To do: In the entries that follow, find the line containing "by exists 1%N, (fun=>"; from there, copy every line exactly through the line containing "pose glue (h1".

***** Given entries

(* Let $A$ be a Jacobson ring and $a\in A$. Let $B$ be an $A$-algebra such that the localization $B_a=B[1/a]$ is integral over $A_a=A[1/a]$. Then $a\cdot\mathrm{Jac}_B J\subseteq \mathrm{Nil}_B J$ for every ideal $J$ of $B$.
   Context: All rings are commutative with identity. The setting is constructive mathematics: no law of excluded middle and no Zorn's lemma. For a ring $A$ and a subset $U\subseteq A$, $\langle U\rangle_A$ denotes the ideal generated by $U$. Define $\mathrm{Nil}_A U:=\{a\in A:\exists n\ge 0,\ a^n\in\langle U\rangle_A\}$ and $\mathrm{Jac}_A U:=\{a\in A:\forall b\in A,\ 1\in\langle U\cup\{1-ab\}\rangle_A\}$. A ring $A$ is called Jacobson if every ideal $I$ of $A$ satisfies $\mathrm{Jac}_A I\subseteq \mathrm{Nil}_A I$. *)

From mathcomp Require Import all_boot all_algebra.
Set Implicit Arguments. Unset Strict Implicit. Unset Printing Implicit Defensive.
Import GRing.Theory.
Local Open Scope ring_scope.

Section Ideals.
Variable R : comPzRingType.

Definition is_ideal (I : R -> Prop) : Prop :=
  [/\ I 0, (forall x y, I x -> I y -> I (x + y)) & (forall r x, I x -> I (r * x))].

Definition gen_ideal (U : R -> Prop) : R -> Prop :=
  fun x => exists (n : nat) (r u : 'I_n -> R),
      (forall i, U (u i)) /\ x = \sum_(i < n) r i * u i.

Definition Nilrad (U : R -> Prop) : R -> Prop :=
  fun x => exists n : nat, gen_ideal U (x ^+ n).

Definition Jacrad (U : R -> Prop) : R -> Prop :=
  fun x => forall b : R, gen_ideal (fun y => U y \/ y = 1 - x * b) 1.

Definition Jacobson_ring : Prop :=
  forall I : R -> Prop, is_ideal I -> forall x, Jacrad I x -> Nilrad I x.

End Ideals.

(* The localization B[1/s] written out explicitly: an element b/s^n is
   represented by the pair (b, n); equality in B[1/s] is [loc_eq s]. *)
Section Localization.
Variable B : comPzRingType.
Variable s : B.

Definition loc_eq (x y : B * nat) : Prop :=
  exists k : nat, s ^+ k * (s ^+ y.2 * x.1 - s ^+ x.2 * y.1) = 0.
Definition loc_zero : B * nat := (0, 0%N).
Definition loc_one : B * nat := (1, 0%N).
Definition loc_add (x y : B * nat) : B * nat :=
  (s ^+ y.2 * x.1 + s ^+ x.2 * y.1, (x.2 + y.2)%N).
Definition loc_mul (x y : B * nat) : B * nat := (x.1 * y.1, (x.2 + y.2)%N).
Definition loc_exp (x : B * nat) (n : nat) : B * nat := iter n (loc_mul x) loc_one.

End Localization.

(* Given an A-algebra B (structure map f) and a : A, B[1/a] is integral over
   A[1/a]: every element x of B[1/a] is a root of a monic polynomial
   X^n + c_{n-1} X^{n-1} + ... + c_0 whose coefficients c_i lie in A[1/a]
   (mapped into B[1/a] by (c, m) |-> (f c, m)). *)
Definition loc_integral (A B : comPzRingType) (f : {rmorphism A -> B}) (a : A)
  : Prop :=
  forall x : B * nat, exists (n : nat) (c : 'I_n -> A * nat),
    loc_eq (f a)
      (loc_add (f a) (loc_exp x n)
         (\big[(loc_add (f a))/(loc_zero B)]_(i < n)
             loc_mul (f (c i).1, (c i).2) (loc_exp x i)))
      (loc_zero B).

(* Integrality over [A[1/a]] gives every [x] in [B] a relation
   [a^e x^n + c_{n-1} x^{n-1} + ... + c_0 = 0] with [c_i] in [A]. Peel it off
   from the constant term by induction on [n]: modulo [J], [c_0] is a multiple
   of [x], so it lies in [Jac J]; then [a c_0] lies in the Jacobson radical of
   the ideal [{d | a^k d \in J for some k}] of [A], and the Jacobson property of
   [A] yields [a^k c_0^m \in J]. Writing the relation as [c_0 + Q x], the
   induction hypothesis in [J + <Q>] gives [a^k' x^m' = j + t Q] with [j] in [J];
   as [a^k (Q x)^m = a^k (-c_0)^m] modulo [J], the product
   [x^m a^k (a^k' x^m')^m] lies in [J]. Finally [(a x)^(k+m) \in J]. *)

From mathcomp Require Import all_boot all_algebra.
From mathcomp Require Import ring.
Import GRing.Theory.
Set Implicit Arguments. Unset Strict Implicit. Unset Printing Implicit Defensive.
Local Open Scope ring_scope.

Section IdealArith.
Variables (R : comPzRingType) (J : R -> Prop).
Hypothesis idJ : is_ideal J.

Lemma ideal0 : J 0. Proof. by case: idJ. Qed.

Lemma idealD x y : J x -> J y -> J (x + y).
Proof. by case: idJ => _ + _; apply. Qed.

Lemma idealMl r x : J x -> J (r * x).
Proof. by case: idJ => _ _; apply. Qed.

Lemma idealMr r x : J x -> J (x * r).
Proof. by rewrite mulrC; apply: idealMl. Qed.

Lemma ideal_sum n (F : 'I_n -> R) : (forall i, J (F i)) -> J (\sum_(i < n) F i).
Proof. by move=> JF; apply: big_ind => //; [apply: ideal0 | apply: idealD]. Qed.

Lemma ideal_subX x y n : J (x - y) -> J (x ^+ n - y ^+ n).
Proof. by move=> Jxy; rewrite subrXX; apply: idealMr. Qed.

Lemma ideal_congrX s x y n : J (x - y) -> J (s * y ^+ n) -> J (s * x ^+ n).
Proof.
move=> Jxy Jsy; rewrite -[x ^+ n](subrK (y ^+ n)) mulrDr.
by apply: idealD => //; apply/idealMl/ideal_subX.
Qed.

Lemma ideal_reciprocal_root n (c r v : R) (d : 'I_n -> R) :
  J (1 - r * v) -> c * r ^+ n + \sum_(i < n) d i * r ^+ i = 0 ->
  J (c + \sum_(i < n) d i * v ^+ (n - i)).
Proof.
move=> Jrv root_r.
have Jrv_pow k : J (1 - (r * v) ^+ k) by rewrite -{1}(expr1n R k); apply: ideal_subX.
have rev_root :
    c * (r * v) ^+ n + \sum_(i < n) d i * v ^+ (n - i) * (r * v) ^+ i = 0.
  transitivity (v ^+ n * (c * r ^+ n + \sum_(i < n) d i * r ^+ i));
    last by rewrite root_r mulr0.
  rewrite mulrDr mulr_sumr exprMn; congr (_ + _); first ring.
  apply: eq_bigr => i _.
  have -> : v ^+ n = v ^+ (n - i) * v ^+ i by rewrite -exprD subnK // ltnW.
  by rewrite exprMn; ring.
suff: J (c + \sum_(i < n) d i * v ^+ (n - i) -
         (c * (r * v) ^+ n + \sum_(i < n) d i * v ^+ (n - i) * (r * v) ^+ i)).
  by rewrite rev_root subr0.
rewrite opprD addrACA -sumrB.
apply: idealD; first by rewrite -{1}[c]mulr1 -mulrBr; apply/idealMl/Jrv_pow.
by apply: ideal_sum => i; rewrite -{1}[_ * v ^+ _]mulr1 -mulrBr; apply/idealMl/Jrv_pow.
Qed.

End IdealArith.

Section GeneratedIdeals.
Variable R : comPzRingType.
Implicit Types (U V J : R -> Prop) (x c : R).

Lemma gen_ideal_of U x : U x -> gen_ideal U x.
Proof.
by exists 1%N, (fun=> 1), (fun=> x); rewrite big_ord1 mul1r.
Qed.

Lemma gen_ideal_sub U V x : (forall y, U y -> V y) -> gen_ideal U x -> gen_ideal V x.
Proof. by move=> UV [n [r [u [Uu ->]]]]; exists n, r, u; split=> // i; apply: UV. Qed.

Lemma gen_ideal_min J x : is_ideal J -> gen_ideal J x -> J x.
Proof.
by move=> idJ [n [r [u [Ju ->]]]]; apply: ideal_sum => // i; apply: idealMl.
Qed.

Lemma gen_ideal_is_ideal U : is_ideal (gen_ideal U).
Proof.
split.
- by exists 0%N, (fun=> 0), (fun=> 0); rewrite big_ord0; split=> // -[].
- move=> _ _ [m [r1 [u1 [Uu1 ->]]]] [n [r2 [u2 [Uu2 ->]]]].
  pose glue (h1 : 'I_m -> R) (h2 : 'I_n -> R) (i : 'I_(m + n)) :=
    match split i with inl k => h1 k | inr k => h2 k end.
  exists (m + n)%N, (glue r1 r2), (glue u1 u2); split.
    by move=> i; rewrite /glue; case: split.
  rewrite big_split_ord /glue.
  congr (_ + _); apply: eq_bigr => i _.
    by rewrite (unsplitK (inl i)).
  by rewrite (unsplitK (inr i)).
- move=> s _ [n [r [u [Uu ->]]]].
  exists n, (fun i => s * r i), u; split=> //.
  by rewrite mulr_sumr; apply: eq_bigr => i _; rewrite mulrA.
Qed.

Lemma gen_ideal_U1P J (idJ : is_ideal J) c z :
  gen_ideal (fun y => J y \/ y = c) z <-> exists j w, J j /\ z = j + w * c.
Proof.
split; last first.
  have idG := gen_ideal_is_ideal (fun y => J y \/ y = c).
  move=> [j [w [Jj ->]]]; apply: (idealD idG); first by apply: gen_ideal_of; left.
  by apply: (idealMl idG); apply: gen_ideal_of; right.
move=> [n [r [u [Uu ->]]]].
apply: (big_ind (fun z => exists j w, J j /\ z = j + w * c)).
- by exists 0, 0; rewrite mul0r addr0; split=> //; apply: ideal0.
- move=> _ _ [j1 [w1 [Jj1 ->]]] [j2 [w2 [Jj2 ->]]].
  by exists (j1 + j2), (w1 + w2); split; [apply: idealD | ring].
- move=> i _; case: (Uu i) => [Jui | ->].
    by exists (r i * u i), 0; rewrite mul0r addr0; split=> //; apply: idealMl.
  by exists 0, (r i); rewrite add0r; split=> //; apply: ideal0.
Qed.

Lemma JacradP J (idJ : is_ideal J) x :
  Jacrad J x <-> forall b, exists j w, J j /\ 1 = j + w * (1 - x * b).
Proof. by split=> Jx b; apply/(gen_ideal_U1P idJ); last apply: Jx. Qed.

Lemma Jacrad_sub J J' x : (forall y, J y -> J' y) -> Jacrad J x -> Jacrad J' x.
Proof. by move=> JJ' Jx b; apply: gen_ideal_sub (Jx b) => y [/JJ'|]; [left | right]. Qed.

Lemma Jacrad_congr_mul J c q y : is_ideal J ->
  J (c + q * y) -> Jacrad J y -> Jacrad J c.
Proof.
move=> idJ Jcqy /(JacradP idJ) Jy; apply/JacradP => // b.
have [j [w [Jj Ej]]] := Jy (- (q * b)).
exists (j + w * b * (c + q * y)), w; split; first by apply: idealD => //; apply: idealMl.
by rewrite [LHS]Ej; ring.
Qed.

End GeneratedIdeals.

Lemma loc_exp_den0 (B : comPzRingType) (r : B) n : loc_exp (r, 0%N) n = (r ^+ n, 0%N).
Proof. by elim: n => [|n IHn] //=; rewrite IHn /loc_mul /= exprS. Qed.

Lemma loc_sum_num (B : comPzRingType) (s : B) n (F : 'I_n -> B * nat) :
  exists (den : nat) (k : nat -> nat),
    \big[loc_add s/loc_zero B]_(i < n) F i = (\sum_(i < n) s ^+ k i * (F i).1, den).
Proof.
elim: n F => [|n IHn] F; first by exists 0%N, (fun=> 0%N); rewrite !big_ord0.
rewrite big_ord_recl; have [den [k ->]] := IHn (fun i => F (lift ord0 i)).
exists ((F ord0).2 + den)%N, (fun i => if i is i'.+1 then ((F ord0).2 + k i')%N else den).
rewrite big_ord_recl /loc_add /= mulr_sumr; congr (_ + _, _).
by apply: eq_bigr => i _; rewrite exprD mulrA.
Qed.

Lemma loc_integral_rel (A B : comPzRingType) (f : {rmorphism A -> B}) (a : A) :
  loc_integral f a -> forall r : B, exists n e (c : 'I_n -> A),
    f a ^+ e * r ^+ n + \sum_(i < n) f (c i) * r ^+ i = 0.
Proof.
move=> intB r; have [n [c]] := intB (r, 0%N).
have [den [k ->]] := loc_sum_num (f a)
  (fun i => loc_mul (f (c i).1, (c i).2) (loc_exp (r, 0%N) i)).
rewrite loc_exp_den0 /loc_eq /loc_add /= expr0 !mul1r mulr0 subr0 => -[l Hl].
exists n, (l + den)%N, (fun i : 'I_n => a ^+ (l + k i) * (c i).1).
rewrite -[RHS]Hl mulrDr exprD -mulrA; congr (_ + _).
rewrite mulr_sumr; apply: eq_bigr => i _.
by rewrite loc_exp_den0 /= rmorphM rmorphXn exprD; ring.
Qed.

Section SaturatedPreimage.
Variables (A B : comPzRingType) (f : {rmorphism A -> B}) (s : B) (J : B -> Prop).
Hypothesis idJ : is_ideal J.

Definition preim_sat : A -> Prop := fun d => exists k, J (s ^+ k * f d).

Lemma preim_sat_ideal : is_ideal preim_sat.
Proof.
split.
- by exists 0%N; rewrite rmorph0 mulr0; apply: ideal0.
- move=> x y [k Jx] [l Jy]; exists (k + l)%N.
  have -> : s ^+ (k + l) * f (x + y) = s ^+ l * (s ^+ k * f x) + s ^+ k * (s ^+ l * f y).
    by rewrite rmorphD exprD; ring.
  by apply: idealD => //; apply: idealMl.
- move=> r x [k Jx]; exists k.
  by rewrite rmorphM mulrCA; apply: idealMl.
Qed.

End SaturatedPreimage.

Section IntegralOverJacobson.
Variables (A B : comPzRingType) (f : {rmorphism A -> B}) (a : A).
Hypothesis intB : loc_integral f a.

(* Modulo [J], [f u] for [u := 1 - a g b] has an inverse [r], and [r] satisfies
   [a^e r^n + c_{n-1} r^{n-1} + ... + c_0 = 0]; the reciprocal relation puts
   [a^e + u W] into the saturated preimage, and [(g b)^e] times it is [1]
   modulo [u]. *)
Lemma Jacrad_preim_sat J g : is_ideal J ->
  Jacrad J (f g) -> Jacrad (preim_sat f (f a) J) (a * g).
Proof.
move=> idJ /(JacradP idJ) Jg; apply/JacradP => [|b]; first exact: preim_sat_ideal.
set u := 1 - a * g * b.
have [j [r [Jj Er]]] := Jg (f (a * b)).
have Jru : J (1 - r * f u).
  suff -> : 1 - r * f u = j by [].
  by rewrite {1}Er /u rmorphB rmorph1 !rmorphM; ring.
have [n [e [c root_r]]] := loc_integral_rel intB r.
pose z := a ^+ e + \sum_(i < n) c i * u ^+ (n - i).
have Iz : preim_sat f (f a) J z.
  exists 0%N; rewrite mul1r rmorphD rmorph_sum rmorphXn.
  under eq_bigr do rewrite rmorphM rmorphXn.
  exact: ideal_reciprocal_root Jru root_r.
have [W EW] : exists W, z = a ^+ e + u * W.
  exists (\sum_(i < n) c i * u ^+ (n - i.+1)); rewrite mulr_sumr; congr (_ + _).
  by apply: eq_bigr => i _; rewrite -(subnSK (ltn_ord i)) exprS; ring.
have [S ES] : exists S, 1 - (a * g * b) ^+ e = u * S.
  by eexists; rewrite -[in LHS](expr1n _ e) subrXX.
exists ((g * b) ^+ e * z), (S - W * (g * b) ^+ e); split.
  by case: Iz => k Jk; exists k; rewrite rmorphM mulrCA; apply: idealMl.
by rewrite -[LHS](subrK ((a * g * b) ^+ e)) ES EW !exprMn; ring.
Qed.

Hypothesis jacA : Jacobson_ring A.

Lemma Jacrad_image_pow J g : is_ideal J ->
  Jacrad J (f g) -> exists k m, J (f a ^+ k * f g ^+ m).
Proof.
move=> idJ Jg; have idI := preim_sat_ideal f (f a) idJ.
have [m /(gen_ideal_min idI) [k Jk]] := jacA idI (Jacrad_preim_sat idJ Jg).
exists (k + m)%N, m; move: Jk; rewrite rmorphXn rmorphM exprMn exprD.
by congr J; ring.
Qed.

Lemma Jacrad_root_pow n : forall J y e (c : 'I_n -> A), is_ideal J ->
  Jacrad J y -> J (f a ^+ e * y ^+ n + \sum_(i < n) f (c i) * y ^+ i) ->
  exists k m, J (f a ^+ k * y ^+ m).
Proof.
elim: n => [|n IHn] J y e c idJ Jy JP.
  by exists e, 0%N; move: JP; rewrite big_ord0 !expr0 !addr0.
set P := _ + _ in JP.
pose Q := f a ^+ e * y ^+ n + \sum_(i < n) f (c (lift ord0 i)) * y ^+ i.
have EP : P = f (c ord0) + Q * y.
  rewrite /P /Q big_ord_recl expr0 mulr1 mulrDl mulr_suml.
  under [X in _ = _ + (_ + X)]eq_bigr do rewrite -mulrA -exprSr.
  by rewrite exprSr; ring.
have [k [m Jc0]] : exists k m, J (f a ^+ k * f (c ord0) ^+ m).
  by apply: Jacrad_image_pow idJ (Jacrad_congr_mul (q := Q) idJ _ Jy); rewrite -EP.
pose J' := gen_ideal (fun z => J z \/ z = Q).
have [k' [m' /(gen_ideal_U1P idJ) [j [t [Jj Ejt]]]]] :
    exists k' m', J' (f a ^+ k' * y ^+ m').
  apply: (IHn J' y e (fun i => c (lift ord0 i))).
  - exact: gen_ideal_is_ideal.
  - by apply: Jacrad_sub Jy => z Jz; apply: gen_ideal_of; left.
  - by apply: gen_ideal_of; right.
have JQy : J (f a ^+ k * (Q * y) ^+ m).
  apply: (ideal_congrX idJ (y := - f (c ord0))); first by rewrite opprK addrC -EP.
  by rewrite exprNn mulrCA; apply: idealMl.
exists (k + k' * m)%N, (m + m' * m)%N.
have -> : f a ^+ (k + k' * m) * y ^+ (m + m' * m) =
          y ^+ m * f a ^+ k * (f a ^+ k' * y ^+ m') ^+ m.
  by rewrite exprMn !exprD !exprM; ring.
apply: (ideal_congrX idJ (y := t * Q)); first by rewrite Ejt addrK.
have -> : y ^+ m * f a ^+ k * (t * Q) ^+ m = t ^+ m * (f a ^+ k * (Q * y) ^+ m).
  by rewrite !exprMn; ring.
exact: idealMl.
Qed.

End IntegralOverJacobson.

Unset Implicit Arguments. Set Strict Implicit.

Theorem mainTheorem6 (A B : comPzRingType) (f : {rmorphism A -> B}) (a : A) :
  Jacobson_ring A ->
  loc_integral f a ->
  forall J : B -> Prop, is_ideal J ->
  forall x : B, Jacrad J x -> Nilrad J (f a * x).
Proof.
move=> jacA intB J idJ x Jx.
have [n [e [c root_x]]] := loc_integral_rel intB x.
have JP : J (f a ^+ e * x ^+ n + \sum_(i < n) f (c i) * x ^+ i).
  by rewrite root_x; apply: ideal0.
have [k [m Jkm]] := Jacrad_root_pow intB jacA idJ Jx JP.
exists (k + m)%N; apply: gen_ideal_of.
have -> : (f a * x) ^+ (k + m) = f a ^+ m * x ^+ k * (f a ^+ k * x ^+ m).
  by rewrite exprMn !exprD; ring.
exact: idealMl.
Qed.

**********

Finished exercise:
by exists 1%N, (fun=> 1), (fun=> x); rewrite big_ord1 mul1r.
Qed.

Lemma gen_ideal_sub U V x : (forall y, U y -> V y) -> gen_ideal U x -> gen_ideal V x.
Proof. by move=> UV [n [r [u [Uu ->]]]]; exists n, r, u; split=> // i; apply: UV. Qed.

Lemma gen_ideal_min J x : is_ideal J -> gen_ideal J x -> J x.
Proof.
by move=> idJ [n [r [u [Ju ->]]]]; apply: ideal_sum => // i; apply: idealMl.
Qed.

Lemma gen_ideal_is_ideal U : is_ideal (gen_ideal U).
Proof.
split.
- by exists 0%N, (fun=> 0), (fun=> 0); rewrite big_ord0; split=> // -[].
- move=> _ _ [m [r1 [u1 [Uu1 ->]]]] [n [r2 [u2 [Uu2 ->]]]].
  pose glue (h1 : 'I_m -> R) (h2 : 'I_n -> R) (i : 'I_(m + n)) :=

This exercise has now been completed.